→ **TASK OBJECTIVE**
Nothing in the listing below should be skipped, so transcribe it all exactly.

→ **MATERIAL SUPPLIED**

(* Let $G=(V,E)$ be a bipartite graph with probabilities $p_e\in(0,1]$, and let $x$ be a feasible solution of (LP-BIP). Let $\hat E\subseteq E$ be a random set, and write $\hat x_e=\mathbf 1[e\in\hat E]$. Assume $\hat E$ satisfies: - (marginals) $\Pr[\hat x_e=1]=x_e$ for every $e\in E$; - (negative correlation) for every $v\in V$, every $S\subseteq\delta(v)$ and every $b\in\{0,1\}$, $\Pr[\bigwedge_{e\in S}\hat x_e=b]\le\prod_{e\in S}\Pr[\hat x_e=b]$. Independently of $\hat E$, draw independent random variables $Y_e$ for $e\in E$, where $Y_e$ takes values in $[0,\frac{1}{p_e}\ln\frac1{1-p_e}]$ and $\Pr[Y_e\le y]=\frac{1}{p_e}(1-e^{-p_e y})$ on that interval (for $p_e=1$ the interval is $[0,\infty)$). Run the following process: - consider the edges of $\hat E$ in increasing order of $Y_e$; - when edge $e$ is considered, probe it if no edge of $\hat\delta(e):=\delta(e)\cap\hat E$ has already been added to the matching; - a probed edge exists independently with probability $p_e$, and if it exists it is added to the matching. Call $e\in\hat E$ safe if, at the moment $e$ is considered, no edge of $\hat\delta(e)$ is in the matching. Then for every edge $e$, $$\Pr[e\text{ is safe}\mid e\in\hat E]\ \ge\ g(p_e),$$ where $g$ is the function defined in the context below.
   Context: (LP-BIP) is the linear program in variables $x_e$, $e\in E$: maximize $\sum_{e\in E}w_ep_ex_e$ subject to - $\sum_{e\in\delta(v)}p_ex_e\le 1$ for all $v\in V$; - $\sum_{e\in\delta(v)}x_e\le t_v$ for all $v\in V$; - $0\le x_e\le 1$ for all $e\in E$. Here $\delta(v)$ is the set of edges incident to $v$, and for an edge $e$, $\delta(e)$ is the set of edges other than $e$ sharing an endpoint with $e$. The function $g$ is defined by $g(p)=\frac{1}{2+p}\bigl(1-\exp(-\frac{2+p}{p}\ln\frac{1}{1-p})\bigr)$ for $p\in(0,1)$, and $g(1)=\frac13$ (the limit as $p\to1$). *)

From HB Require Import structures.
From mathcomp Require Import all_boot all_order all_algebra.
From mathcomp Require Import all_classical all_reals all_analysis.
Set Implicit Arguments. Unset Strict Implicit. Unset Printing Implicit Defensive.
Import Order.TTheory GRing.Theory Num.Theory.
Local Open Scope classical_set_scope.
Local Open Scope ring_scope.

→ **RESULT OF THIS EXERCISE**
(* Let $G=(V,E)$ be a bipartite graph with probabilities $p_e\in(0,1]$, and let $x$ be a feasible solution of (LP-BIP). Let $\hat E\subseteq E$ be a random set, and write $\hat x_e=\mathbf 1[e\in\hat E]$. Assume $\hat E$ satisfies: - (marginals) $\Pr[\hat x_e=1]=x_e$ for every $e\in E$; - (negative correlation) for every $v\in V$, every $S\subseteq\delta(v)$ and every $b\in\{0,1\}$, $\Pr[\bigwedge_{e\in S}\hat x_e=b]\le\prod_{e\in S}\Pr[\hat x_e=b]$. Independently of $\hat E$, draw independent random variables $Y_e$ for $e\in E$, where $Y_e$ takes values in $[0,\frac{1}{p_e}\ln\frac1{1-p_e}]$ and $\Pr[Y_e\le y]=\frac{1}{p_e}(1-e^{-p_e y})$ on that interval (for $p_e=1$ the interval is $[0,\infty)$). Run the following process: - consider the edges of $\hat E$ in increasing order of $Y_e$; - when edge $e$ is considered, probe it if no edge of $\hat\delta(e):=\delta(e)\cap\hat E$ has already been added to the matching; - a probed edge exists independently with probability $p_e$, and if it exists it is added to the matching. Call $e\in\hat E$ safe if, at the moment $e$ is considered, no edge of $\hat\delta(e)$ is in the matching. Then for every edge $e$, $$\Pr[e\text{ is safe}\mid e\in\hat E]\ \ge\ g(p_e),$$ where $g$ is the function defined in the context below.
   Context: (LP-BIP) is the linear program in variables $x_e$, $e\in E$: maximize $\sum_{e\in E}w_ep_ex_e$ subject to - $\sum_{e\in\delta(v)}p_ex_e\le 1$ for all $v\in V$; - $\sum_{e\in\delta(v)}x_e\le t_v$ for all $v\in V$; - $0\le x_e\le 1$ for all $e\in E$. Here $\delta(v)$ is the set of edges incident to $v$, and for an edge $e$, $\delta(e)$ is the set of edges other than $e$ sharing an endpoint with $e$. The function $g$ is defined by $g(p)=\frac{1}{2+p}\bigl(1-\exp(-\frac{2+p}{p}\ln\frac{1}{1-p})\bigr)$ for $p\in(0,1)$, and $g(1)=\frac13$ (the limit as $p\to1$). *)

From HB Require Import structures.
From mathcomp Require Import all_boot all_order all_algebra.
From mathcomp Require Import all_classical all_reals all_analysis.
Set Implicit Arguments. Unset Strict Implicit. Unset Printing Implicit Defensive.
Import Order.TTheory GRing.Theory Num.Theory.
Local Open Scope classical_set_scope.
Local Open Scope ring_scope.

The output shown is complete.